In another part of his piece, he raises a similar example of his 4.5 year old son changing pre-schools mid-year:

 It was a bumpy transition since at midyear all the other kids knew each other; some had started “going to school” together during the pandemic. …His teachers said he might not feel comfortable onstage and might prefer to sit with us; he came home from school telling us how he wasn’t able to learn the songs or the choreography because the other kids already knew it, things like that. As the day approached, we were filled with trepidation and uncertainty. But lo and behold, when graduation day came, our little guy sat with his class, walked onstage with his class, sang the songs, did the choreography, and behaved perfectly the whole time!! I have never been more invested in a performance in my life.

He talks about how brave people need to be to take chances in so many respects, including learning new things and trying to integrate into social settings in which we don’t feel we belong.  Horowitz reiterates what I have written before about creating an environment in which people can see themselves and their stories depicted and spend time with family and friends.
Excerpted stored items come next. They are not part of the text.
(* Let $\varphi:\Lambda\to\Gamma$ be a regular covering map of finite simplicial graphs without isolated vertices. Then the sequences $$1\to\mathrm{FD}(\varphi)\to\mathrm{FAut}(\varphi)\to\mathrm{LAut}(\varphi)\to1$$ and $$1\to\mathrm{Deck}(\varphi)\to\mathrm{FAut}(\varphi)/(\mathrm{FAut}(\varphi)\cap\mathrm{IA}(A_\Lambda))\to\mathrm{LAut}(\varphi)/(\mathrm{LAut}(\varphi)\cap\mathrm{IA}(A_\Gamma))\to1$$ are exact, where the map $\mathrm{FAut}(\varphi)\to\mathrm{LAut}(\varphi)$ sends a lift $F$ to the automorphism $f$ it lifts, the second sequence has the maps induced by inclusion of $\mathrm{Deck}(\varphi)$ and by $F\mapsto f$.
   Context: Graphs are finite simplicial graphs; $A_\Gamma$ is the right-angled Artin group with generators $V\Gamma$ and relations $[u,v]=1$ for edges $\{u,v\}$. A covering map of graphs $\varphi:\Lambda\to\Gamma$ is a surjective simplicial map that maps the neighbours of each vertex $u$ bijectively onto the neighbours of $\varphi(u)$; $\mathrm{Deck}(\varphi)$ is the group of graph automorphisms $\mu$ of $\Lambda$ with $\varphi\mu=\varphi$, regarded as a subgroup of $\mathrm{Aut}(A_\Lambda)$; $\varphi$ is regular if $\mathrm{Deck}(\varphi)$ acts transitively on each fiber. Let $\phi:A_\Lambda\to A_\Gamma$ be induced by $\varphi$. $f\in\mathrm{Aut}(A_\Gamma)$ is liftable if there is $F\in\mathrm{Aut}(A_\Lambda)$ (a lift) with $f\circ\phi=\phi\circ F$ (since $\phi$ is surjective, $F$ determines $f$). $\mathrm{LAut}(\varphi)$ is the group of liftable automorphisms, $\mathrm{FAut}(\varphi)\le\mathrm{Aut}(A_\Lambda)$ the group of all lifts of liftable automorphisms, and $\mathrm{FD}(\varphi)$ the group of lifts of the identity. $\mathrm{IA}(A)$ denotes the kernel of the action of $\mathrm{Aut}(A)$ on $H_1(A)$. *)

(* Right-angled Artin groups presented by words modulo the
   congruence generated by the defining relations. *)
From mathcomp Require Import all_boot all_order all_algebra.
Set Implicit Arguments. Unset Strict Implicit. Unset Printing Implicit Defensive.
Import GRing.Theory.

Definition simple_graph (T : finType) (e : rel T) : Prop :=
  symmetric e /\ irreflexive e.

Definition no_isolated (T : finType) (e : rel T) : Prop :=
  forall v, exists u, e v u.

(* Words in the generators: (a,false) = a, (a,true) = a^-1. *)
Definition word (T : Type) := seq (T * bool).

Definition gen (T : Type) (a : T) : word T := [:: (a, false)].

Definition winv (T : Type) (w : word T) : word T :=
  rev (map (fun p => (p.1, ~~ p.2)) w).

Inductive raag_eq (T : Type) (e : rel T) : word T -> word T -> Prop :=
| req_refl w : raag_eq e w w
| req_sym w1 w2 : raag_eq e w1 w2 -> raag_eq e w2 w1
| req_trans w1 w2 w3 : raag_eq e w1 w2 -> raag_eq e w2 w3 -> raag_eq e w1 w3
| req_cancel u v a b :
    raag_eq e (u ++ (a, b) :: (a, ~~ b) :: v) (u ++ v)
| req_comm u v a b c d : e a c ->
    raag_eq e (u ++ (a, b) :: (c, d) :: v) (u ++ (c, d) :: (a, b) :: v).

(* An endomorphism-candidate is given by the images of the generators. *)
Definition subst (T T' : Type) (f : T -> word T') (w : word T) : word T' :=
  flatten (map (fun p => if p.2 then winv (f p.1) else f p.1) w).
(* Integrating by parts, the cross term [2 f^(k+1) f^(k-1)] contributes [-2 ||f^(k)||^2]. *)
Lemma RInt_Derive_n_sq_add k : (S (S k) <= m)%nat ->
  RInt (fun t => (Derive_n f (S (S k)) t + Derive_n f k t) ^ 2) 0 (2 * PI) =
  Derive_n_energy f (S (S k)) - 2 * Derive_n_energy f (S k) + Derive_n_energy f k :> R.
Proof.
  intros Hk.
  assert (C2 := continuity_Derive_n (S (S k)) Hk).
  assert (C1 := continuity_Derive_n (S k) ltac:(lia)).
  assert (C0 := continuity_Derive_n k ltac:(lia)).
  rewrite (RInt_fun_ext _ (fun t => Derive_n f (S (S k)) t ^ 2
             + (2 * (Derive_n f (S (S k)) t * Derive_n f k t) + Derive_n f k t ^ 2))) by (intros; ring).
  rewrite !RInt_plus_continuity, RInt_scal_continuity by reg.
  rewrite (RInt_by_parts _ _ (Derive_n f (S k)) (Derive_n f (S (S k))) (Derive_n f k) (Derive_n f (S k)))
    by (assumption || (intros x; apply is_derive_Derive_n; lia)).
  rewrite !Derive_n_periodic. unfold Derive_n_energy.
  rewrite (RInt_fun_ext (fun t => Derive_n f (S k) t * Derive_n f (S k) t)
                        (fun t => Derive_n f (S k) t ^ 2))
    by (intros; ring).
  ring.
Qed.

Lemma high_energy_zero_of_trig_poly : trig_poly_1_m m f ->
  forall n, (m < n)%nat -> fourier_energy f n = 0.
Proof.
  intros [a [b Hab]] n Hn.
  assert (Ecos : fourier_cos f n = fourier_cos (trig_sum a b m) n)
    by (apply RInt_fun_ext; intros; now rewrite Hab).
  assert (Esin : fourier_sin f n = fourier_sin (trig_sum a b m) n)
    by (apply RInt_fun_ext; intros; now rewrite Hab).
  unfold fourier_energy. rewrite Ecos, Esin, fourier_cos_trig_sum, fourier_sin_trig_sum.
  destruct (Nat.leb_spec n m); [lia |]. rewrite Bool.andb_false_r. simpl. ring.
Qed.

Lemma trig_poly_of_high_energy_zero : (forall n, (m < n)%nat -> fourier_energy f n = 0) ->
  trig_poly_1_m m f.
Proof.
  intros Hhigh. pose proof PI_RGT_0.
  exists (fun n => fourier_cos f n / PI), (fun n => fourier_sin f n / PI).
  apply (periodic_ext (2 * PI) f (fourier_sum f m)); auto; [lra | apply trig_sum_periodic |].
  apply fourier_sum_eq_of_high_coef_zero; auto.
  - now apply continuity_Derive_n with (k := 0%nat); lia.
  - intros n Hn. now apply fourier_energy_eq0, Hhigh.
Qed.

Lemma spectral_sum_of_high_energy_zero k : (k <= m)%nat ->
  (forall n, (m < n)%nat -> fourier_energy f n = 0) -> Derive_n_energy f k = spectral_sum f k m.
Proof.
  intros Hk Hhigh. unfold Derive_n_energy, spectral_sum.
  rewrite parseval_of_high_coef_zero with (N := m).
  - f_equal. apply sum_n_m_fun_ext. intros n. now apply fourier_energy_Derive_n.
  - now apply continuity_Derive_n.
  - now apply RInt_Derive_n.
  - intros n Hn. apply fourier_energy_eq0. rewrite fourier_energy_Derive_n, Hhigh by assumption. ring.
Qed.

Section EnergyForm.
Variable q : nat -> R.

Lemma sum_coef_spectral_sum N :
  sum_n_m (fun k => q k * spectral_sum f k N) 0 m =
  sum_n_m (fun n => sum_n_m (fun k => q k * (INR n ^ 2) ^ k) 0 m * fourier_energy f n) 1 N / PI :> R.
Proof.
  unfold spectral_sum, Rdiv.
  transitivity (sum_n_m (fun k => sum_n_m (fun n =>
                  q k * ((INR n ^ 2) ^ k * fourier_energy f n) * / PI) 1 N) 0 m).
  - apply sum_n_m_fun_ext. intros k.
    rewrite <- sum_n_m_Rmult_r, <- sum_n_m_Rmult_l. apply sum_n_m_fun_ext. intros; ring.
  - rewrite sum_n_m_swap, <- sum_n_m_Rmult_r. apply sum_n_m_fun_ext. intros n.
    rewrite <- !sum_n_m_Rmult_r. apply sum_n_m_fun_ext. intros; ring.
Qed.
(* Let $\{\xi_i;i\ge1\}$ be i.i.d. standard normal random variables and $S_k=\sum_{i=1}^k\xi_i^2$. Then $$P\left(\left|\frac{S_n}{S_m}-\frac{n}{m}\right|\ge x\right)\le 6\exp\left(-\frac{m^4x^2}{48n^3}\right)$$ for all integers $m\ge1$, $n\ge1$ and real $x>0$ satisfying $m\le n/2$ and $x\le n/m$. *)

From HB Require Import structures.
From mathcomp Require Import all_boot all_order all_algebra.
From mathcomp Require Import all_classical all_reals all_analysis.
Set Implicit Arguments. Unset Strict Implicit. Unset Printing Implicit Defensive.
Import Order.TTheory GRing.Theory Num.Theory.
Local Open Scope classical_set_scope.
Local Open Scope ring_scope.

Definition mutually_independent_RVs d (T : measurableType d) (R : realType)
  (P : probability T R) (X : nat -> {RV P >-> R}) : Prop :=
  forall (s : seq nat) (B : nat -> set R),
    uniq s -> (forall i, measurable (B i)) ->
    P (\big[setI/setT]_(i <- s) (X i @^-1` B i)) =
      (\prod_(i <- s) P (X i @^-1` B i))%E.

Definition standard_normal_RV d (T : measurableType d) (R : realType)
  (P : probability T R) (X : {RV P >-> R}) : Prop :=
  forall A : set R, measurable A -> distribution P X A = normal_prob 0 1 A.

(* S_k = xi_1^2 + ... + xi_k^2, with the sequence xi_1, xi_2, ... stored as
   X 0, X 1, ... *)
Definition sum_sq d (T : measurableType d) (R : realType)
  (P : probability T R) (X : nat -> {RV P >-> R}) (k : nat) (w : T) : R :=
  \sum_(i < k) (X i w) ^+ 2.

From HB Require Import structures.
From mathcomp Require Import all_boot all_order all_algebra.
From mathcomp Require Import all_classical all_reals all_analysis.
From mathcomp Require Import ring lra measurable_realfun.
Import Order.TTheory GRing.Theory Num.Theory.
Import HBNNSimple numFieldTopology.Exports.
Local Open Scope classical_set_scope.
Local Open Scope ring_scope.

(* Write S_n = S_m + (S_n - S_m), two independent blocks of squared standard
   normals.  The event |S_n/S_m - n/m| >= x is the union of the events
   {a S_m + b (S_n - S_m) >= 0} for the two pairs
   (a, b) = (m - n - x m, m) and (n - x m - m, -m); both satisfy
   m a + (n - m) b = -x m^2 and |a| <= 2n, |b| <= m.  By Chernoff's bound,
   independence and the Gaussian moment E[exp (s xi^2)] = (1 - 2s)^(-1/2)
   <= exp (s + 4 s^2) for s <= 1/4, each event has probability at most
   exp (-t x m^2 + 20 t^2 m n^2); the choice t = x m / (40 n^2) and n >= 2m
   turn this into exp (-m^4 x^2 / (48 n^3)), so that even 2 instead of 6
   would do. *)

Lemma sumr_ite_ltn {R : pzRingType} m n (a b : R) (z : nat -> R) : (m <= n)%N ->
  \sum_(i < n) (if (i < m)%N then a else b) * z i =
    a * \sum_(i < m) z i + b * (\sum_(i < n) z i - \sum_(i < m) z i).
Proof.
move=> mn.
have widen : \sum_(i < m) z i = \sum_(i < n | (i < m)%N) z i by exact: big_ord_widen.
rewrite widen (bigID (fun i : 'I_n => (i < m)%N) xpredT z) /= addrC addrK.
rewrite (bigID (fun i : 'I_n => (i < m)%N)) /= !mulr_sumr.
by congr (_ + _); apply: eq_bigr => i; [move=> -> | move/negbTE ->].
Qed.

Lemma ratio_deviation_split {R : realFieldType} (M N x u v : R) :
  0 < M -> 0 <= u -> 0 <= v -> x <= N / M ->
  x <= `|u / v - N / M| <->
    0 <= M * u - (N + x * M) * v \/ 0 <= (N - x * M) * v - M * u.
Proof.
move=> M_gt0 u_ge0; rewrite le_eqVlt => /predU1P[<- xNM|v_gt0 _].
  (* [u / 0 = 0]: both sides hold, the left one because [x <= N / M]. *)
  rewrite invr0 mulr0 sub0r normrN mulr0 subr0.
  split=> _; last exact: le_trans xNM (ler_norm _).
  by left; rewrite mulr_ge0 // ltW.
have Mv_gt0 : 0 < M * v by rewrite mulr_gt0.
rewrite (_ : u / v - N / M = (M * u - N * v) / (M * v)); last by field; rewrite !gt_eqF.
rewrite ler_normr ler_pdivlMr // lerNr ler_pdivrMr //.
by split=> [/orP[]|[]] h; [left|right|apply/orP; left|apply/orP; right]; lra.
Qed.

Lemma chernoff_exponent_le {R : realFieldType} (M N x a b : R)
    (t := x * M / (40 * N ^+ 2)) :
  0 < M -> 2 * M <= N -> 0 < x -> M * a + (N - M) * b = - (x * M ^+ 2) ->
  `|a| <= 2 * N -> `|b| <= M ->
  M * (t * a + 4 * (t * a) ^+ 2) + (N - M) * (t * b + 4 * (t * b) ^+ 2) <=
    - (M ^+ 4 * x ^+ 2 / (48 * N ^+ 3)).
Proof.
move=> M_gt0 MN x_gt0 sum_c a_le b_le.
have a2 : a ^+ 2 <= 4 * N ^+ 2.
  by rewrite -real_normK ?num_real //; have := normr_ge0 a; nra.
have b2 : b ^+ 2 <= M ^+ 2.
  by rewrite -real_normK ?num_real //; have := normr_ge0 b; nra.
have N_gt0 : 0 < N by lra.
have t_ge0 : 0 <= t by rewrite /t divr_ge0 ?mulr_ge0 ?sqr_ge0 // ltW.
have sum_c2 : M * a ^+ 2 + (N - M) * b ^+ 2 <= 5 * M * N ^+ 2.
  have : M * a ^+ 2 <= M * (4 * N ^+ 2) by rewrite ler_wpM2l // ltW.
  have : (N - M) * b ^+ 2 <= (N - M) * M ^+ 2 by rewrite ler_wpM2l //; lra.
  have : 0 <= M * (N * (N - M) + M ^+ 2).
    by rewrite mulr_ge0 ?addr_ge0 ?mulr_ge0 ?sqr_ge0 //; lra.
  lra.
have -> : M * (t * a + 4 * (t * a) ^+ 2) + (N - M) * (t * b + 4 * (t * b) ^+ 2) =
    t * (M * a + (N - M) * b) + 4 * t ^+ 2 * (M * a ^+ 2 + (N - M) * b ^+ 2) by ring.
rewrite sum_c.
apply: le_trans (_ : t * - (x * M ^+ 2) + 4 * t ^+ 2 * (5 * M * N ^+ 2) <= _).
  by rewrite lerD2l ler_wpM2l // mulr_ge0 // sqr_ge0.
(* [t] minimises [- t x M^2 + 20 t^2 M N^2], with minimum [- x^2 M^3 / (80 N^2)]. *)
have -> : t * - (x * M ^+ 2) + 4 * t ^+ 2 * (5 * M * N ^+ 2) =
    - (x ^+ 2 * M ^+ 3 / (80 * N ^+ 2)) by rewrite /t; field; lra.
rewrite lerN2 (_ : M ^+ 4 * x ^+ 2 / (48 * N ^+ 3) =
    x ^+ 2 * M ^+ 3 / (80 * N ^+ 2) * (5 * M / (3 * N))); last by field; lra.
apply: ler_piMr; first by rewrite !divr_ge0 ?mulr_ge0 ?exprn_ge0 ?ltW.
by rewrite ler_pdivrMr; lra.
Qed.

Lemma invr_sqrt_le_expR {R : realType} (s : R) : s <= 4^-1 ->
  (Num.sqrt (1 - 2 * s))^-1 <= expR (s + 4 * s ^+ 2).
Proof.
move=> s_le.
have s12 : 0 < 1 - 2 * s by lra.
set c := Num.sqrt (1 - 2 * s).
have c_gt0 : 0 < c by rewrite sqrtr_gt0.
have c2 : c ^+ 2 = 1 - 2 * s by rewrite sqr_sqrtr // ltW.
have e_gt0 : 0 < expR (s + 4 * s ^+ 2) by rewrite expR_gt0.
rewrite -div1r ler_pdivrMr // mulrC.
suff : 1 <= (c * expR (s + 4 * s ^+ 2)) ^+ 2.
  by have := mulr_gt0 c_gt0 e_gt0; nra.
rewrite exprMn c2 expr2 -expRD.
(* [(1 - 2 s) (1 + 2 s + 8 s^2) = 1 + 4 s^2 (1 - 4 s)] *)
apply: le_trans (ler_wpM2l (ltW s12) (expR_ge1Dx _)).
nra.
Qed.

Section normal.
Context {R : realType}.
Local Notation mu := (@lebesgue_measure R).

Lemma ge0_integral_normal_prob (m s : R) (f : R -> \bar R) :
  measurable_fun [set: R] f -> (forall x, 0 <= f x)%E ->
  (\int[normal_prob m s]_x f x = \int[mu]_x (f x * (normal_pdf m s x)%:E))%E.
Proof.
move=> mf f0.
have nmu := normal_prob_dominates m s.
rewrite -(Radon_Nikodym_SigmaFinite.change_of_variables nmu)//.
apply: ae_eq_integral => //.
- apply: emeasurable_funM => //; apply: measurable_int.
  exact: Radon_Nikodym_SigmaFinite.f_integrable.
- by apply: emeasurable_funM => //; apply/measurable_EFinP; exact: measurable_normal_pdf.
apply: ae_eqe_mul2l; apply: integral_ae_eq => //.
- exact: Radon_Nikodym_SigmaFinite.f_integrable.
- by apply/measurable_EFinP; exact: measurable_normal_pdf.
by move=> E _ mE; rewrite -Radon_Nikodym_SigmaFinite.f_integral.
Qed.

Lemma integral_normal_prob_expR_sqr (s : R) : s < 2^-1 ->
  (\int[normal_prob 0 1]_x (expR (s * x ^+ 2))%:E =
     (Num.sqrt (1 - 2 * s))^-1%:E)%E.
Proof.
move=> s_lt.
have s12 : 0 < 1 - 2 * s by lra.
set c := Num.sqrt (1 - 2 * s).
have c_gt0 : 0 < c by rewrite sqrtr_gt0.
have c2 : c ^+ 2 = 1 - 2 * s by rewrite sqr_sqrtr // ltW.
have tilt y : expR (s * y ^+ 2) * normal_pdf 0 1 y = c^-1 * normal_pdf 0 c^-1 y.
  rewrite !normal_pdfE ?oner_eq0 ?invr_eq0 ?gt_eqF //.
  rewrite /normal_peak /normal_fun !subr0 expr1n mul1r exprVn c2.
  rewrite -mulrnAr sqrtrM ?invr_ge0 ?ltW // sqrtrV ?ltW // -/c invfM invrK.
  have -> : - y ^+ 2 / ((1 - 2 * s)^-1 *+ 2) = s * y ^+ 2 + - y ^+ 2 / 2.
    by rewrite -mulr_natr; field; lra.
  rewrite expRD; field.
  by rewrite !gt_eqF // sqrtr_gt0 pmulrn_lgt0 // pi_gt0.
rewrite ge0_integral_normal_prob //; last first.
  by apply: measurableT_comp => //; apply: measurableT_comp => //; exact: measurable_funM.
under eq_integral do rewrite -EFinM tilt EFinM.
rewrite ge0_integralZl //.
- by rewrite integral_normal_pdf mule1.
- by apply/measurable_EFinP; exact: measurable_normal_pdf.
- by move=> y _; rewrite (lee_fin 0) normal_pdf_ge0.
- by rewrite (lee_fin 0) invr_ge0 ltW.
Qed.

End normal.

Lemma expectation_expR_sqr_normal {d} {T : measurableType d} {R : realType}
    {P : probability T R} (Y : {RV P >-> R}) (s : R) :
  standard_normal_RV Y -> s < 2^-1 ->
  (\int[P]_w (expR (s * Y w ^+ 2))%:E = (Num.sqrt (1 - 2 * s))^-1%:E)%E.
Proof.
move=> Ynormal s_lt.
(* [normal_prob] lives on [measurableTypeR R], whose measurable sets are those of
   [R] but which is a different measurable type; [Y'] is [Y] retyped into it. *)
pose Y' : {mfun T >-> measurableTypeR R} := HB.pack (Y : T -> measurableTypeR R)
  (isMeasurableFun.Build _ _ _ _ (Y : T -> measurableTypeR R) (measurable_funPT Y)).
have mf : measurable_fun [set: measurableTypeR R] (fun y => (expR (s * y ^+ 2))%:E).
  by apply/measurable_EFinP/measurableT_comp => //; exact: measurable_funM.
rewrite -(ge0_integral_distribution Y' mf); last by move=> y; rewrite lee_fin expR_ge0.
rewrite -integral_normal_prob_expR_sqr //; apply: eq_measure_integral => A mA _.
exact: Ynormal.
Qed.
(* The difference h = f - g satisfies the eigen-equation for
   theta = n - 2 and vanishes on the second neighbourhood of v.

   Every theta-eigenfunction h is first order, h x = sum_p M p (x p): the
   first-order function with the same marginals sum_(x p = a) h x is again an
   eigenfunction, and an eigenfunction with vanishing marginals is zero.  For
   the latter, summing the eigen-equations over a coset {y | y = x on P} relates
   coset sums for P to coset sums for P with the first position added or
   removed; by induction on #|P| and a maximum principle (an equation
   c psi x = sum of fewer than c values of psi forces psi = 0) all coset sums
   vanish, and for #|P| = n - 1 a coset is a single permutation.

   The eigen-equations at v and at its neighbours give
   (theta^2 - (n - 1)) h v = 0, and theta^2 <> n - 1 for integers, so h also
   vanishes at v and at its neighbours.  Finally, a first-order function
   vanishing on the ball of radius 2 around v vanishes identically: these
   values force M p (v b) - M p (v p) to be independent of p. *)

From mathcomp Require Import all_boot all_order all_algebra all_fingroup.
From mathcomp Require Import all_classical all_reals.
From mathcomp Require Import ring lra zify.
Set Implicit Arguments. Unset Strict Implicit. Unset Printing Implicit Defensive.
Import GRing.Theory Num.Theory Order.TTheory.
Local Open Scope ring_scope.

Section PermAgreement.
Variable T : finType.
Local Open Scope group_scope.
Implicit Types (P : {set T}) (s x y z : {perm T}).

Definition agree_on P x y := [forall p in P, y p == x p].

Lemma agree_onP P x y : reflect {in P, forall p, y p = x p} (agree_on P x y).
Proof. by apply: (iffP forall_inP) => [H p /H /eqP | H p /H ->]. Qed.

Lemma agree_onU1 i P x y :
  agree_on (i |: P) x y = (y i == x i) && agree_on P x y.
Proof.
apply/agree_onP/andP => [H | [/eqP yi /agree_onP H] p].
  by split; [apply/eqP/H/setU11 | apply/agree_onP => p pP; apply/H/setU1r].
by case/setU1P => [-> // | /H].
Qed.

Lemma agree_on_set1 q x y : agree_on [set q] x y = (y q == x q).
Proof. by apply/agree_onP/eqP => [H | yq p /set1P ->]; [apply/H/set11 |]. Qed.

Lemma agree_on_set2 q p x y :
  agree_on [set q; p] x y = (y q == x q) && (y p == x p).
Proof. by rewrite agree_onU1 agree_on_set1. Qed.

Lemma eq_agree_on P x x' y :
  {in P, x =1 x'} -> agree_on P x y = agree_on P x' y.
Proof.
by move=> xx'; apply/agree_onP/agree_onP => H p pP; rewrite H ?xx'.
Qed.

Lemma agree_on_mull P s x z :
  agree_on P x (s * z) = agree_on ((s^-1)%g @^-1: P) ((s^-1)%g * x) z.
Proof.
apply/agree_onP/agree_onP => H p.
  by rewrite inE => /H; rewrite !permM permKV => <-.
by move=> pP; rewrite permM H ?inE ?permK // permM permK.
Qed.

Lemma agree_on_setC1 i x y : agree_on [set~ i] x y = (y == x).
Proof.
apply/agree_onP/eqP => [H | -> //]; apply/permP => p.
have [-> {p} | ] := eqVneq p i; last by move=> pi; rewrite H // !inE.
have [r yr] : exists r, y r = x i by exists ((y^-1)%g (x i)); rewrite permKV.
have [eri | ri] := eqVneq r i; first by rewrite -yr eri.
by move: yr; rewrite H ?inE // => /perm_inj xri; rewrite xri eqxx in ri.
Qed.

Lemma card_agree_on P x : #|[pred y | agree_on P x y]| = (#|~: P|)`!.
Proof.
rewrite -card_perm -(card_imset _ (mulIg x^-1)); apply: eq_card => u.
apply/imsetP/idP => [[y /agree_onP H ->] | uP].
  apply/fintype.subsetP => p; apply: contraTT.
  by rewrite !inE !negbK => pP; rewrite permM H // permK.
have uE p : p \in P -> u p = p by move=> pP; apply: out_perm uP _; rewrite inE negbK.
by exists (u * x); rewrite ?mulgK //; apply/agree_onP => p pP; rewrite permM uE.
Qed.

Lemma card_perm_val q b : #|[pred y : {perm T} | y q == b]| = (#|T|.-1)`!.
Proof.
rewrite -(cardsC1 q) -(card_agree_on _ (tperm q b)); apply: eq_card => y.
by rewrite !inE agree_on_set1 tpermL.
Qed.

Lemma card_perm_val2 q p b a : p != q -> a != b ->
  #|[pred y : {perm T} | (y q == b) && (y p == a)]| = (#|T|.-2)`!.
Proof.
move=> pq ab; set x := tperm q b * tperm (tperm q b p) a.
have pb : tperm q b p != b by rewrite -{2}(tpermL q b) (inj_eq perm_inj).
have xq : x q = b by rewrite permM tpermL tpermD.
have xp : x p = a by rewrite permM tpermL.
have cardC : #|~: [set q; p]| = #|T|.-2.
  by have := cardsC [set q; p]; rewrite cards2 eq_sym pq; lia.
rewrite -cardC -(card_agree_on _ x); apply: eq_card => y.
by rewrite !inE agree_on_set2 xq xp.
Qed.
Something I have overlooked is working to provide the sense you are among friends even if you didn’t know anyone when you arrived. (his emphasis)

I think that this is what every audience everywhere wants when they come to the theater. We want to feel like we are meeting up with friends. We want to see people we know in the lobby, we want to see people we know onstage, we want to know the person that works in the box office and the ushers, we want to know the people seated next to us and across the room in another section so we can wave to them and meet them at intermission for a drink. There is nothing worse than feeling like a stranger milling around with other strangers awkwardly avoiding eye contact, worrying about if you belong. If you run a theater and you aren’t trying to create that sense of welcome, belonging and inclusion with your audience, then you are failing them, it doesn’t matter what you put onstage.

As someone whose name is on an alcohol license, I am a little wary about encouraging people to literally replicate this exact scenario, but one experience Horowitz touts as bringing people together was a scheme in which an event made ordering a single beer as expensive as ordering a beer for 10 people. The result was that strangers organized themselves into groups to get the cheapest possible drinks they could:

I don’t remember the exact amount but a single beer was, I think, $10 and 10 beers was maybe $1? Like that. So as soon as someone got to the front of the line they immediately started talking to the people around them to get enough drink orders together to get the cheaper drinks. Never have I ever seen a group of strangers connecting and laughing and cooperating so quickly and joyfully as I did that night. I’m pretty sure that the bar was itself an art project.

Perhaps it was a lesson the TV show Cheers was teaching us back in the 80s and we just weren’t paying close enough attention.